I've been listening to the video's on the Suhr web site and I love the sound of the Jim Kelley amps, but what makes them so expensive? Using 6V6's it would appear to be a take on a Fender Deluxe Reverb only with 4 power tubes and pull treble and boost features. Is there some exotic circuits or parts that make the difference? I like the simplicity of the amp and it sounds killer with the EV speaker though it is probably rather heavy (they don't list the weight of a combo). I'm mystified though at the price ($3,600), is it because they are only produced in small numbers by a legendary guitar/amp maker (Suhr) or maybe they are selling them as fast as they make them so why not charge what people are willing to pay? Anyway, the Jim Kelley 1x12 combo would be my dream amp, maybe someday I will win the lottery!
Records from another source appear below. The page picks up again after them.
(* In the game described in the context, suppose the SSP Game Model Assumption holds, and let $\mu\in\Pi_1^{SD}$, $\nu\in\Pi_2^{SD}$. Then: (i) if there exists $x\in\mathbb{R}^n$ with $x\ge T_\mu x$, then $\mu$ is essentially proper; (ii) if there exists $x\in\mathbb{R}^n$ with $x\le\tilde T_\nu x$, then $\nu$ is essentially proper. Moreover, the policies $\bar\mu$ and $\bar\nu$ from parts (i) and (ii) of the SSP Game Model Assumption are essentially proper (so each player has at least one essentially proper stationary deterministic policy).
   Context: Game model. $S=\{1,\dots,n\}$, $S_o=S\cup\{0\}$, $0$ an absorbing cost-free termination state. At $i\in S$ player I picks $\bar u\in\bar U(i)$, player II picks $\bar v\in\bar V(i)$ ($\bar U(i),\bar V(i)$ compact subsets of complete separable metric spaces); expected cost $c_i(\bar u,\bar v)\in\mathbb{R}$ to player I, transition to $j\in S_o$ w.p. $p_{ij}(\bar u,\bar v)$. Standing assumption: $p_{ij}$ continuous on $\bar U(i)\times\bar V(i)$, and $c_i$ lower semicontinuous in $\bar u$ for fixed $\bar v$, upper semicontinuous in $\bar v$ for fixed $\bar u$. $x_i(\pi_1,\pi_2)=\liminf_{t\to\infty}E_{\pi_1\pi_2}[\sum_{k=0}^tc_{i_k}(\bar u_k,\bar v_k)\mid i_0=i]$. $\Pi_1^{SD}=\{\mu:\mu(i)\in\bar U(i)\}$, $\Pi_2^{SD}=\{\nu:\nu(i)\in\bar V(i)\}$; $T_{\mu\nu}x=c(\mu,\nu)+P(\mu,\nu)x$ with $c(\mu,\nu)_i=c_i(\mu(i),\nu(i))$, $P(\mu,\nu)_{ij}=p_{ij}(\mu(i),\nu(i))$, $i,j\in S$; $T_\mu x=\sup_{\nu\in\Pi_2^{SD}}T_{\mu\nu}x$, $\tilde T_\nu x=\inf_{\mu\in\Pi_1^{SD}}T_{\mu\nu}x$ (componentwise). Prolonging pair: for some initial state the termination state is with positive probability never reached; otherwise non-prolonging. SSP Game Model Assumption: (i) there is $\bar\mu\in\Pi_1^{SD}$ with $x_i(\bar\mu,\nu)<+\infty$ for all $\nu\in\Pi_2^{SD}$ and all $i$; (ii) there is $\bar\nu\in\Pi_2^{SD}$ with $x_i(\mu,\bar\nu)>-\infty$ for all $\mu\in\Pi_1^{SD}$ and all $i$; (iii) every prolonging pair $(\mu,\nu)\in\Pi_1^{SD}\times\Pi_2^{SD}$ has $x_i(\mu,\nu)\in\{+\infty,-\infty\}$ for some $i$. Essentially proper: $\mu$ is essentially proper if some $\nu$ makes $(\mu,\nu)$ non-prolonging and every $\nu$ with $(\mu,\nu)$ prolonging has $x_i(\mu,\nu)=-\infty$ for some $i$; $\nu$ is essentially proper if some $\mu$ makes $(\mu,\nu)$ non-prolonging and every $\mu$ with $(\mu,\nu)$ prolonging has $x_i(\mu,\nu)=+\infty$ for some $i$. *)

From HB Require Import structures.
From mathcomp Require Import all_boot all_order all_algebra.
From mathcomp Require Import all_classical all_reals all_analysis.
Set Implicit Arguments. Unset Strict Implicit. Unset Printing Implicit Defensive.
Import Order.TTheory GRing.Theory Num.Theory.
Import numFieldNormedType.Exports.
Local Open Scope classical_set_scope.
Local Open Scope ring_scope.

(* The state space S = {1,...,n} is represented by 'I_n ; the termination
   state 0 is represented by [None : option 'I_n]. *)

Definition separable_space (T : topologicalType) :=
  exists D : set T, countable D /\ dense D.

Definition lsc_on (T : topologicalType) (R : realType) (A : set T) (f : T -> R) :=
  forall x, A x -> forall a : R, a < f x ->
    \forall y \near x, A y -> a < f y.

Definition usc_on (T : topologicalType) (R : realType) (A : set T) (f : T -> R) :=
  forall x, A x -> forall a : R, f x < a ->
    \forall y \near x, A y -> f y < a.

Record game (R : realType) (U V : Type) (n : nat) := Game {
  Ubar : 'I_n -> set U;
  Vbar : 'I_n -> set V;
  cost : 'I_n -> U -> V -> R;
  prob : 'I_n -> option 'I_n -> U -> V -> R }.

Section Game.
Variables (R : realType) (U V : Type) (n : nat) (G : game R U V n).
Local Notation Ubar := (Ubar G).
Local Notation Vbar := (Vbar G).
Local Notation c := (cost G).
Local Notation p := (prob G).

Definition Pi1SD (mu : 'I_n -> U) := forall i, Ubar i (mu i).
Definition Pi2SD (nu : 'I_n -> V) := forall i, Vbar i (nu i).

Definition cvec (mu : 'I_n -> U) (nu : 'I_n -> V) : 'cV[R]_n :=
  \col_i c i (mu i) (nu i).

Definition Pmx (mu : 'I_n -> U) (nu : 'I_n -> V) : 'M[R]_n :=
  \matrix_(i, j) p i (Some j) (mu i) (nu i).

Definition Tmunu mu nu (x : 'cV[R]_n) : 'cV[R]_n :=
  cvec mu nu + Pmx mu nu *m x.

Definition Tmu mu (x : 'cV[R]_n) (i : 'I_n) : \bar R :=
  ereal_sup [set ((Tmunu mu nu x) i 0)%:E | nu in Pi2SD].

Definition Ttnu nu (x : 'cV[R]_n) (i : 'I_n) : \bar R :=
  ereal_inf [set ((Tmunu mu nu x) i 0)%:E | mu in Pi1SD].

(* x_i(mu,nu) = liminf_t E[sum_{k=0}^t c_{i_k} | i_0 = i]
             = liminf_t (sum_{k=0}^t P^k c)_i   for stationary (mu,nu) *)
Definition xcost mu nu (i : 'I_n) : \bar R :=
  limn_einf (fun t : nat =>
    (\sum_(k < t.+1) (Pmx mu nu ^+ k *m cvec mu nu) i 0)%:E).

(* probability, starting at i, that termination has not occurred by step k *)
Definition not_term_prob mu nu (k : nat) (i : 'I_n) : R :=
  (Pmx mu nu ^+ k *m (const_mx 1 : 'cV[R]_n)) i 0.

Definition never_term_prob mu nu (i : 'I_n) : R :=
  lim (not_term_prob mu nu k i @[k --> \oo]).

Definition prolonging mu nu := exists i, 0 < never_term_prob mu nu i.

Definition ess_proper1 mu :=
  (exists nu, Pi2SD nu /\ ~ prolonging mu nu) /\
  (forall nu, Pi2SD nu -> prolonging mu nu -> exists i, xcost mu nu i = -oo%E).

Definition ess_proper2 nu :=
  (exists mu, Pi1SD mu /\ ~ prolonging mu nu) /\
  (forall mu, Pi1SD mu -> prolonging mu nu -> exists i, xcost mu nu i = +oo%E).

Definition SSP_assumption :=
  [/\ (exists mubar, Pi1SD mubar /\
         forall nu, Pi2SD nu -> forall i, (xcost mubar nu i < +oo)%E),
      (exists nubar, Pi2SD nubar /\
         forall mu, Pi1SD mu -> forall i, (-oo < xcost mu nubar i)%E) &
      (forall mu nu, Pi1SD mu -> Pi2SD nu -> prolonging mu nu ->
         exists i, xcost mu nu i = +oo%E \/ xcost mu nu i = -oo%E)].

End Game.

From HB Require Import structures.
From mathcomp Require Import all_boot all_order all_algebra.
From mathcomp Require Import all_classical all_reals all_analysis.
Import Order.TTheory GRing.Theory Num.Theory.
Import numFieldNormedType.Exports.
Set Implicit Arguments. Unset Strict Implicit. Unset Printing Implicit Defensive.
Local Open Scope classical_set_scope.
Local Open Scope ring_scope.

(* If x >= T_mu x then x >= T_{mu nu} x = c + P x for every nu, and iterating
   gives x >= sum_{k<t} P^k c + P^t x.  As P is substochastic, P^t x stays
   bounded by the sup-norm of x, so the partial cost sums are bounded above and
   x(mu, nu) < +oo for every nu.  Part (iii) of the SSP assumption then forces
   every prolonging pair (mu, nu) to have cost -oo somewhere, while (mu, nubar)
   cannot be prolonging at all because its cost is finite by part (ii).  The
   statement for nu is symmetric, and mubar, nubar satisfy the finiteness
   conditions by assumption. *)

Lemma mx_entry_norm_le (R : realDomainType) (m k : nat) (x : 'M[R]_(m, k)) i j :
  `|x i j| <= `|x|.
Proof.
have -> : `|x| = mx_norm x by [].
rewrite mx_normrE; apply/bigmax_geP; right.
by exists (i, j).
Qed.

Section NonnegativeMatrix.
Variables (R : realDomainType) (n : nat) (P : 'M[R]_n).
Hypothesis P_ge0 : forall i j, 0 <= P i j.

Lemma nonneg_mulmx_le (y z : 'cV[R]_n) : (forall j, y j 0 <= z j 0) ->
  forall i, (P *m y) i 0 <= (P *m z) i 0.
Proof.
move=> yz i; rewrite !mxE; apply: ler_sum => j _.
exact: ler_wpM2l.
Qed.

Lemma nonneg_expmx_mul_le t (y z : 'cV[R]_n) : (forall j, y j 0 <= z j 0) ->
  forall i, (P ^+ t *m y) i 0 <= (P ^+ t *m z) i 0.
Proof.
elim: t => [|t IH] yz i; first by rewrite expr0 !mul1mx.
by rewrite exprS -mulmxE -!mulmxA; apply: nonneg_mulmx_le => j; apply: IH.
Qed.

Lemma superharmonic_expmx_sum (c x : 'cV[R]_n) :
  (forall i, (c + P *m x) i 0 <= x i 0) ->
  forall t i, \sum_(k < t) (P ^+ k *m c) i 0 + (P ^+ t *m x) i 0 <= x i 0.
Proof.
move=> superx; elim=> [|t IH] i; first by rewrite big_ord0 expr0 mul1mx add0r.
rewrite big_ord_recr /= -addrA; apply: le_trans (IH i); rewrite lerD2l.
have := nonneg_expmx_mul_le t superx i.
by rewrite mulmxDr mulmxA mulmxE -exprSr [X in X <= _]mxE.
Qed.

End NonnegativeMatrix.

Section SubstochasticMatrix.
Variables (R : realDomainType) (n : nat) (P : 'M[R]_n).
Hypothesis P_ge0 : forall i j, 0 <= P i j.
Hypothesis P_row_le1 : forall i, \sum_j P i j <= 1.

Lemma substoch_mulmx_bound (y : 'cV[R]_n) M : (forall j, `|y j 0| <= M) ->
  forall i, `|(P *m y) i 0| <= M.
Proof.
move=> yM i; have M_ge0 : 0 <= M by apply: le_trans (yM i); rewrite normr_ge0.
rewrite mxE; apply: le_trans (ler_norm_sum _ _ _) _.
apply: (@le_trans _ _ (\sum_j P i j * M)).
  by apply: ler_sum => j _; rewrite normrM ger0_norm //; apply: ler_wpM2l.
by rewrite -mulr_suml -[leRHS]mul1r; apply: ler_wpM2r.
Qed.

Lemma substoch_expmx_entry_le t (x : 'cV[R]_n) i : `|(P ^+ t *m x) i 0| <= `|x|.
Proof.
elim: t i => [|t IH] i; first by rewrite expr0 mul1mx mx_entry_norm_le.
by rewrite exprS -mulmxE -mulmxA; apply: substoch_mulmx_bound.
Qed.

Lemma superharmonic_partial_sum_le (c x : 'cV[R]_n) :
  (forall i, (c + P *m x) i 0 <= x i 0) ->
  forall t i, \sum_(k < t) (P ^+ k *m c) i 0 <= x i 0 + `|x|.
Proof.
move=> superx t i; have := superharmonic_expmx_sum P_ge0 superx t i.
rewrite -lerBrDr => /le_trans; apply; rewrite lerD2l lerNl.
by move: (substoch_expmx_entry_le t x i); rewrite ler_norml => /andP[].
Qed.

Lemma subharmonic_partial_sum_ge (c x : 'cV[R]_n) :
  (forall i, x i 0 <= (c + P *m x) i 0) ->
  forall t i, x i 0 - `|x| <= \sum_(k < t) (P ^+ k *m c) i 0.
Proof.
move=> subx t i.
have superNx i' : (- c + P *m - x) i' 0 <= (- x) i' 0.
  by rewrite mulmxN -opprD mxE [leRHS]mxE lerN2.
have := superharmonic_partial_sum_le superNx t i.
rewrite normrN !mxE (eq_bigr (fun k => - (P ^+ (val k) *m c) i 0)); last first.
  by move=> k _; rewrite mulmxN mxE.
by rewrite sumrN lerNl opprD opprK.
Qed.

End SubstochasticMatrix.

Section LiminfBounds.
Variables (R : realType) (u : (\bar R)^nat) (a : \bar R).

Lemma limn_einf_le_ub : (forall t, u t <= a)%E -> (limn_einf u <= a)%E.
Proof.
move=> ua; rewrite limn_einf_lim; apply: lime_le; first exact: is_cvg_einfs.
apply: nearW => m; apply: le_trans (ua m).
by apply: ereal_inf_lbound; exists m => /=.
Qed.

Lemma limn_einf_ge_lb : (forall t, a <= u t)%E -> (a <= limn_einf u)%E.
Proof.
move=> au; rewrite limn_einf_lim; apply: lime_ge; first exact: is_cvg_einfs.
by apply: nearW => m; apply: le_ereal_inf_tmp => _ [k _ <-].
Qed.

End LiminfBounds.

Section StationaryPair.
Variables (R : realType) (U V : Type) (n : nat) (G : game R U V n).
Hypothesis p_ge0 : forall i j u v, Ubar G i u -> Vbar G i v -> 0 <= prob G i j u v.
Hypothesis p_sum1 : forall i u v, Ubar G i u -> Vbar G i v ->
  prob G i None u v + \sum_(j < n) prob G i (Some j) u v = 1.
Variables (mu : 'I_n -> U) (nu : 'I_n -> V).
Hypotheses (mu_SD : Pi1SD G mu) (nu_SD : Pi2SD G nu).

Lemma Pmx_ge0 i j : 0 <= Pmx G mu nu i j.
Proof. by rewrite mxE; apply: p_ge0. Qed.

Lemma Pmx_row_sum_le1 i : \sum_j Pmx G mu nu i j <= 1.
Proof.
under eq_bigr do rewrite mxE.
rewrite -(p_sum1 (mu_SD i) (nu_SD i)) lerDr.
exact: p_ge0.
Qed.

Lemma xcost_lt_pinfty (x : 'cV[R]_n) :
  (forall i, Tmunu G mu nu x i 0 <= x i 0) -> forall i, (xcost G mu nu i < +oo)%E.
Proof.
move=> superx i; apply: le_lt_trans (ltry (x i 0 + `|x|)).
apply: limn_einf_le_ub => t; rewrite lee_fin.
exact: (superharmonic_partial_sum_le Pmx_ge0 Pmx_row_sum_le1 superx t.+1 i).
Qed.

Lemma xcost_gt_ninfty (x : 'cV[R]_n) :
  (forall i, x i 0 <= Tmunu G mu nu x i 0) -> forall i, (-oo < xcost G mu nu i)%E.
Proof.
move=> subx i; apply: lt_le_trans (ltNyr (x i 0 - `|x|)) _.
apply: limn_einf_ge_lb => t; rewrite lee_fin.
exact: (subharmonic_partial_sum_ge Pmx_ge0 Pmx_row_sum_le1 subx t.+1 i).
Qed.

End StationaryPair.

Lemma Tmunu_le_Tmu (R : realType) (U V : Type) (n : nat) (G : game R U V n)
  mu nu (x : 'cV[R]_n) i : Pi2SD G nu ->
  ((Tmunu G mu nu x i 0)%:E <= Tmu G mu x i)%E.
Proof. by move=> nu_SD; apply: ereal_sup_ubound; exists nu. Qed.

Lemma Ttnu_le_Tmunu (R : realType) (U V : Type) (n : nat) (G : game R U V n)
  mu nu (x : 'cV[R]_n) i : Pi1SD G mu ->
  (Ttnu G nu x i <= (Tmunu G mu nu x i 0)%:E)%E.
Proof. by move=> mu_SD; apply: ereal_inf_lbound; exists mu. Qed.

Section EssentiallyProper.
Variables (R : realType) (U V : Type) (n : nat) (G : game R U V n).
Hypothesis SSP : SSP_assumption G.

Lemma ess_proper1_of_xcost_lt_pinfty mu : Pi1SD G mu ->
  (forall nu, Pi2SD G nu -> forall i, (xcost G mu nu i < +oo)%E) ->
  ess_proper1 G mu.
Proof.
case: SSP => _ [nubar [nubar_SD nubar_fin]] prolonging_inf mu_SD mu_fin; split.
  exists nubar; split => // prol.
  have [i [e|e]] := prolonging_inf _ _ mu_SD nubar_SD prol.
    by have := mu_fin _ nubar_SD i; rewrite e ltxx.
  by have := nubar_fin _ mu_SD i; rewrite e ltxx.
move=> nu nu_SD prol; have [i [e|e]] := prolonging_inf _ _ mu_SD nu_SD prol.
  by have := mu_fin _ nu_SD i; rewrite e ltxx.
by exists i.
Qed.

Lemma ess_proper2_of_xcost_gt_ninfty nu : Pi2SD G nu ->
  (forall mu, Pi1SD G mu -> forall i, (-oo < xcost G mu nu i)%E) ->
  ess_proper2 G nu.
Proof.
case: SSP => [[mubar [mubar_SD mubar_fin]] _ prolonging_inf] nu_SD nu_fin; split.
  exists mubar; split => // prol.
  have [i [e|e]] := prolonging_inf _ _ mubar_SD nu_SD prol.
    by have := mubar_fin _ nu_SD i; rewrite e ltxx.
  by have := nu_fin _ mubar_SD i; rewrite e ltxx.
move=> mu mu_SD prol; have [i [e|e]] := prolonging_inf _ _ mu_SD nu_SD prol.
  by exists i.
by have := nu_fin _ mu_SD i; rewrite e ltxx.
Qed.

End EssentiallyProper.

Theorem lemma2p3 (R : realType) (U V : completePseudoMetricType R) (n : nat)
  (G : game R U V n)
  (* action spaces: complete separable metric spaces, compact action sets *)
  (hU : hausdorff_space U) (hV : hausdorff_space V)
  (sU : separable_space U) (sV : separable_space V)
  (cU : forall i, compact (Ubar G i)) (cV : forall i, compact (Vbar G i))
  (* transition probabilities *)
  (p_ge0 : forall i j u v, Ubar G i u -> Vbar G i v -> 0 <= prob G i j u v)
  (p_sum1 : forall i u v, Ubar G i u -> Vbar G i v ->
     prob G i None u v + \sum_(j < n) prob G i (Some j) u v = 1)
  (p_cont : forall i j,
     {within Ubar G i `*` Vbar G i, continuous (fun uv : U * V => prob G i j uv.1 uv.2)})
  (* semicontinuity of costs *)
  (c_lsc : forall i v, Vbar G i v -> lsc_on (Ubar G i) (fun u => cost G i u v))
  (c_usc : forall i u, Ubar G i u -> usc_on (Vbar G i) (fun v => cost G i u v))
  (hSSP : SSP_assumption G) :
  [/\ forall mu, Pi1SD G mu ->
        (exists x : 'cV[R]_n, forall i, (Tmu G mu x i <= (x i 0)%:E)%E) ->
        ess_proper1 G mu,
      forall nu, Pi2SD G nu ->
        (exists x : 'cV[R]_n, forall i, ((x i 0)%:E <= Ttnu G nu x i)%E) ->
        ess_proper2 G nu,
      forall mubar, Pi1SD G mubar ->
        (forall nu, Pi2SD G nu -> forall i, (xcost G mubar nu i < +oo)%E) ->
        ess_proper1 G mubar &
      forall nubar, Pi2SD G nubar ->
        (forall mu, Pi1SD G mu -> forall i, (-oo < xcost G mu nubar i)%E) ->
        ess_proper2 G nubar].
Proof.
split; [| | exact: ess_proper1_of_xcost_lt_pinfty | exact: ess_proper2_of_xcost_gt_ninfty].
- move=> mu mu_SD [x superx]; apply: ess_proper1_of_xcost_lt_pinfty => // nu nu_SD.
  apply: (xcost_lt_pinfty p_ge0 p_sum1 mu_SD nu_SD) => i.
  rewrite -lee_fin; exact: le_trans (Tmunu_le_Tmu mu x i nu_SD) (superx i).
- move=> nu nu_SD [x subx]; apply: ess_proper2_of_xcost_gt_ninfty => // mu mu_SD.
  apply: (xcost_gt_ninfty p_ge0 p_sum1 mu_SD nu_SD) => i.
  rewrite -lee_fin; exact: le_trans (subx i) (Ttnu_le_Tmunu nu x i mu_SD).
Qed.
PS: Is it possible to make a DRRI sound like a Jim Kelley using pedals (EQ, etc) or mods?
 

Aslan

Gold Supporting Member
Messages
2,644
John Suhr,
Thanks for responding, I will own a Jim Kelley amp some day, is it possible to play one in a band setting without the attenuator? Could you comment on the "James style tone stack", I've never heard of this and it sounds interesting. I really appreciate your willingness to give insights into the amp, thanks again!